Work instructions
Every line below that holds the string "precubical" must be copied.

Collected data
----------------------------------------

Definition face n (i : 'I_n.+1) (a : bool) : Hom n n.+1 :=
  [ffun x : cube n => Tuple (size_ins x i a)].

Inductive box : forall m n, Hom m n -> Prop :=
| box_id n : box (idH n)
| box_face m n (f : Hom m n) (i : 'I_n.+1) (a : bool) :
    box f -> box (compH (face i a) f).

Record cube_cat := CubeCat {
  Amor : forall m n, {set Hom m n};
  Amor_id : forall n, idH n \in Amor n n;
  Amor_comp : forall l m n (g : Hom m n) (f : Hom l m),
      g \in Amor m n -> f \in Amor l m -> compH g f \in Amor l n;
  Amor_face : forall n (i : 'I_n.+1) (a : bool), face i a \in Amor n n.+1;
  Amor_adj : forall m n (f : Hom m n), f \in Amor m n -> adjacency_preserving f
}.

Definition Apred (A : cube_cat) : forall m n, Hom m n -> Prop :=
  fun m n f => f \in Amor A m n.

Lemma box_sub (A : cube_cat) m n (f : Hom m n) : box f -> Apred A f.
Proof.
elim=> [k|k l g i a _ IH]; first exact: Amor_id.
by apply: Amor_comp => //; apply: Amor_face.
Qed.

Record psh (C : forall m n, Hom m n -> Prop) := Psh {
  ob :> nat -> Type;
  act : forall m n (f : Hom m n), C m n f -> ob n -> ob m;
  act_id : forall n (p : C n n (idH n)) (x : ob n), act p x = x;
  act_comp : forall l m n (f : Hom l m) (g : Hom m n)
      (pf : C l m f) (pg : C m n g) (pgf : C l n (compH g f)) (x : ob n),
      act pgf x = act pf (act pg x)
}.
Arguments act {C} p0 {m n f} _ _.

Record psh_hom C (X Y : psh C) := PshHom {
  hcomp :> forall n, X n -> Y n;
  hnat : forall m n (f : Hom m n) (p : C m n f) (x : X n),
      hcomp (act X p x) = act Y p (hcomp x)
}.

Definition hom_eq C (X Y : psh C) (f g : psh_hom X Y) : Prop :=
  forall n (x : X n), f n x = g n x.

Definition psh_iso C (X Y : psh C) : Prop :=
  exists (f : psh_hom X Y) (g : psh_hom Y X),
    (forall n (x : X n), g n (f n x) = x) /\ (forall n (y : Y n), f n (g n y) = y).

Definition precubical := psh box.
Definition Aset (A : cube_cat) := psh (Apred A).

Definition terminal (A : cube_cat) : Aset A :=
  @Psh (Apred A) (fun _ => unit) (fun _ _ _ _ x => x)
       (fun _ _ _ => erefl) (fun _ _ _ _ _ _ _ _ _ => erefl).

(* (!{tau})_n = {tau}^n; we take tau := tt, Sigma := unit.  Since every
   {tau}^m is a singleton, deleting letters is the unique map. *)
Lemma unit_tuple_eq k (x y : k.-tuple unit) : x = y.
Proof. by apply: eq_from_tnth => i; case: (tnth x i); case: (tnth y i). Qed.

Definition bang_tau_act m n (f : Hom m n) (p : box f) (w : n.-tuple unit)
  : m.-tuple unit := [tuple of nseq m tt].

Definition bang_tau : precubical :=
  @Psh box (fun n => n.-tuple unit) bang_tau_act
       (fun _ _ _ => unit_tuple_eq _ _)
       (fun _ _ _ _ _ _ _ _ _ => unit_tuple_eq _ _).

(* a morphism of precubical sets X -> (restriction of Z to box) *)
Record res_hom (A : cube_cat) (X : precubical) (Z : Aset A) := ResHom {
  rcomp :> forall n, X n -> Z n;
  rnat : forall m n (f : Hom m n) (p : box f) (x : X n),
      rcomp (act X p x) = act Z (box_sub A p) (rcomp x)
}.

(* eta : X -> res P is a universal arrow, i.e. P = L_A X with unit eta *)
Definition L_universal (A : cube_cat) (X : precubical) (P : Aset A)
    (eta : res_hom X P) : Prop :=
  forall (Z : Aset A) (phi : res_hom X Z),
    (exists psi : psh_hom P Z, forall n (x : X n), psi n (eta n x) = phi n x) /\
    (forall psi1 psi2 : psh_hom P Z,
        (forall n (x : X n), psi1 n (eta n x) = phi n x) ->
        (forall n (x : X n), psi2 n (eta n x) = phi n x) ->
        hom_eq psi1 psi2).

(* By the Yoneda lemma, a map A[p] ⊔_{∂A[p]} A[p] -> Y is a pair of p-cubes
   x, y of Y with the same restrictions along all f : [k] -> [p] in A, k < p;
   it extends (necessarily uniquely, the fold map being epi) along the fold
   map A[p] ⊔_{∂A[p]} A[p] -> A[p] iff x = y. *)
Definition orthogonal (A : cube_cat) (Y : Aset A) : Prop :=
  forall p, 2 <= p -> forall x y : Y p,
    (forall k (f : Hom k p) (pf : Apred A f), k < p -> act Y pf x = act Y pf y) ->
    x = y.

(* eta : P -> Y is a universal arrow into the orthogonal subcategory,
   i.e. Y = sh_A P with unit eta *)
Definition sh_universal (A : cube_cat) (P Y : Aset A) (eta : psh_hom P Y) : Prop :=
  orthogonal Y /\
  forall (Z : Aset A), orthogonal Z -> forall phi : psh_hom P Z,
    (exists psi : psh_hom Y Z, forall n (x : P n), psi n (eta n x) = phi n x) /\
    (forall psi1 psi2 : psh_hom Y Z,
        (forall n (x : P n), psi1 n (eta n x) = phi n x) ->
        (forall n (x : P n), psi2 n (eta n x) = phi n x) ->
        hom_eq psi1 psi2).

From mathcomp Require Import all_boot zify.
Set Implicit Arguments. Unset Strict Implicit. Unset Printing Implicit Defensive.

(* Every adjacency-preserving map out of [0] or [1] is a composite of face
   maps, so it already lies in the box category.  For an A-set Y orthogonal to
   the fold maps, a family of cubes y_n in Y_n that is compatible with the face
   maps is therefore compatible with every map of A: by induction on the
   dimension m of the source, for m >= 2 the two m-cubes to be compared have
   equal boundaries, hence coincide.  In sh L (!{tau}) the images of the unique
   words tau^n form such a family, and the universal properties of L and sh
   force every cube of sh L (!{tau}) to be one of them. *)

Lemma tnth_liftS n (x : cube n.+1) (i : 'I_n) :
  tnth x (lift ord0 i) = tnth (behead_tuple x) i.
Proof.
rewrite tnth_behead; congr tnth; apply: val_inj => /=.
by rewrite /bump /= inordK //; case: i => i /= Hi; lia.
Qed.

----------------------------------------

Solution below
Definition precubical := psh box.
Definition bang_tau : precubical :=
(* a morphism of precubical sets X -> (restriction of Z to box) *)
Record res_hom (A : cube_cat) (X : precubical) (Z : Aset A) := ResHom {
Definition L_universal (A : cube_cat) (X : precubical) (P : Aset A)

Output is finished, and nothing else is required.